Publisher API documentation
Send users to MoneyRain with a hosted link or iframe widget. After a completed ad view, MoneyRain can send a signed callback to your site so you can credit your own user.
Send users to MoneyRain with a hosted link or iframe widget. After a completed ad view, MoneyRain can send a signed callback to your site so you can credit your own user.
| Step | What to do | Where |
|---|---|---|
| 1 | Copy your publisher link or iframe widget. | Dashboard - Publisher links / Iframe widget |
| 2 | Replace {USER_ID} with your own local user ID. | Your website |
| 3 | Save a default callback URL and secret, or add named site callbacks. | Dashboard - Publisher callback |
| 4 | Verify the callback signature before crediting. | Your callback endpoint |
Redirect users to this link when they want to earn from your site.

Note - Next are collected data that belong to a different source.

(* Let $G$ be a graph, $b\ge0$, $\beta:E(G)\to\{0,1,2,3\}$, $C$ a vertex cover of $G$, and let $\delta$ be a $b$-bend $\beta$-restricted RAC drawing of $G$. Let $T$ be a type whose vertices have exactly two neighbors in $C$, and let $T'\subseteq T$ consist of all members of $T$ which have no bends in $\delta$. Then $T'$ contains at most four members that are involved in crossings with other members of $T'$ in $\delta$.
   Context: All graphs are simple and undirected. A drawing of a graph $G=(V,E)$ maps vertices injectively to points of $\mathbb{R}^2$ and each edge $uv$ to a simple curve joining the images of $u$ and $v$, such that no vertex image lies in the relative interior of the image of an edge not incident to it. A polyline drawing is a drawing in which each edge is drawn as a union of closed straight-line segments $\lambda_1,\dots,\lambda_t$, where consecutive segments share exactly one endpoint and form an angle different from $180^\circ$, and non-consecutive segments are disjoint; the shared points are the bends of the edge. A crossing of two edges is a common point of the relative interiors of their drawings; drawings have finitely many crossings. Two edges have a right-angle crossing if the crossing lies in the relative interiors of the respective segments and these segments are orthogonal. Given $b\in\mathbb{N}$ and $\beta:E\to\{0,1,2,3\}$, a $b$-bend $\beta$-restricted RAC drawing of $G$ is a polyline drawing in which every crossing is a right-angle crossing, the total number of bends is at most $b$, and each edge $e$ has at most $\beta(e)$ bends. Types: $V(G)\setminus C$ is partitioned so that two vertices have the same type iff they have the same set of neighbors in $C$. A member of a type is a vertex of the type together with its incident edges; a member has no bends if none of its incident edges has a bend, and a member is involved in a crossing if one of its incident edges is. *)

From mathcomp Require Import all_boot all_order all_algebra.
From mathcomp Require Import reals.
Set Implicit Arguments. Unset Strict Implicit. Unset Printing Implicit Defensive.
Import Order.TTheory GRing.Theory Num.Theory.
Local Open Scope ring_scope.

Section Geometry.
Variable R : realType.

Definition point := (R * R)%type.

Definition lerp (a b : point) (t : R) : point :=
  (a.1 + t * (b.1 - a.1), a.2 + t * (b.2 - a.2)).

Definition on_seg (a b p : point) : Prop :=
  exists t : R, 0 <= t <= 1 /\ p = lerp a b t.

Definition on_oseg (a b p : point) : Prop :=
  exists t : R, 0 < t < 1 /\ p = lerp a b t.

Definition orth (a b c d : point) : Prop :=
  (b.1 - a.1) * (d.1 - c.1) + (b.2 - a.2) * (d.2 - c.2) = 0.

(** A polyline given by its sequence of points q_0,...,q_n (n = number of
    segments, segment i is [q_i, q_{i+1}]); inner points are the bends. *)
Definition pnth (pts : seq point) (i : nat) : point := nth (0, 0) pts i.
Definition nseg (pts : seq point) : nat := (size pts).-1.

Definition polyline (pts : seq point) : Prop :=
  [/\ (1 < size pts)%N,
      forall i, (i < nseg pts)%N -> pnth pts i <> pnth pts i.+1,
      (* consecutive segments share exactly one endpoint, angle <> 180 deg *)
      forall i, (i.+1 < nseg pts)%N ->
        (forall p, (on_seg (pnth pts i) (pnth pts i.+1) p /\
                    on_seg (pnth pts i.+1) (pnth pts i.+2) p) <-> p = pnth pts i.+1)
        /\ ~ on_oseg (pnth pts i) (pnth pts i.+2) (pnth pts i.+1)
    &
      forall i j, (i.+1 < j)%N -> (j < nseg pts)%N -> forall p,
        ~ (on_seg (pnth pts i) (pnth pts i.+1) p /\
           on_seg (pnth pts j) (pnth pts j.+1) p)].

Definition on_curve (pts : seq point) (p : point) : Prop :=
  exists2 i, (i < nseg pts)%N & on_seg (pnth pts i) (pnth pts i.+1) p.

Definition in_relint (pts : seq point) (p : point) : Prop :=
  [/\ on_curve pts p, p <> pnth pts 0 & p <> pnth pts (nseg pts)].

End Geometry.

Section Drawings.
Variable R : realType.
Variable V : finType.
Variable adj : rel V.

Definition simple_graph : Prop := symmetric adj /\ irreflexive adj.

https://offerwall.moneyrain.top/wall.php?pub=PUBLISHER_ID&uid=YOUR_USER_ID
For multiple publisher sites, add a site key. The site key is just a name and does not need to be a URL.
https://offerwall.moneyrain.top/wall.php?pub=PUBLISHER_ID&site=example.com&uid=YOUR_USER_ID
| Parameter | Required | Description | Example |
|---|---|---|---|
pub | Required | Your MoneyRain user ID. | 123 |
site | Optional | Named site key for routing callbacks to a site-specific callback URL. | example.com |
uid | Optional | Your local user ID. Keep it stable and do not include private data. | user-42 |
Use this when you want a small embedded widget with buttons for autosurf, PTC, and YouTube ads.
<iframe
src="https://offerwall.moneyrain.top/embed.php?pub=PUBLISHER_ID&uid=YOUR_USER_ID"
width="360"
height="360"
style="border:0;border-radius:8px;overflow:hidden"
loading="lazy"></iframe>
For a named site callback, add &site=example.com to the iframe URL.
| Setting | Recommendation |
|---|---|
| Width | At least 360 pixels. |
| Height | At least 360 pixels. |
| User ID | Replace YOUR_USER_ID before rendering the iframe. |
MoneyRain sends one callback after a publisher-link ad completion is credited. Configure the default callback for links without site, or add extra publisher sites for links with site=SITE_KEY.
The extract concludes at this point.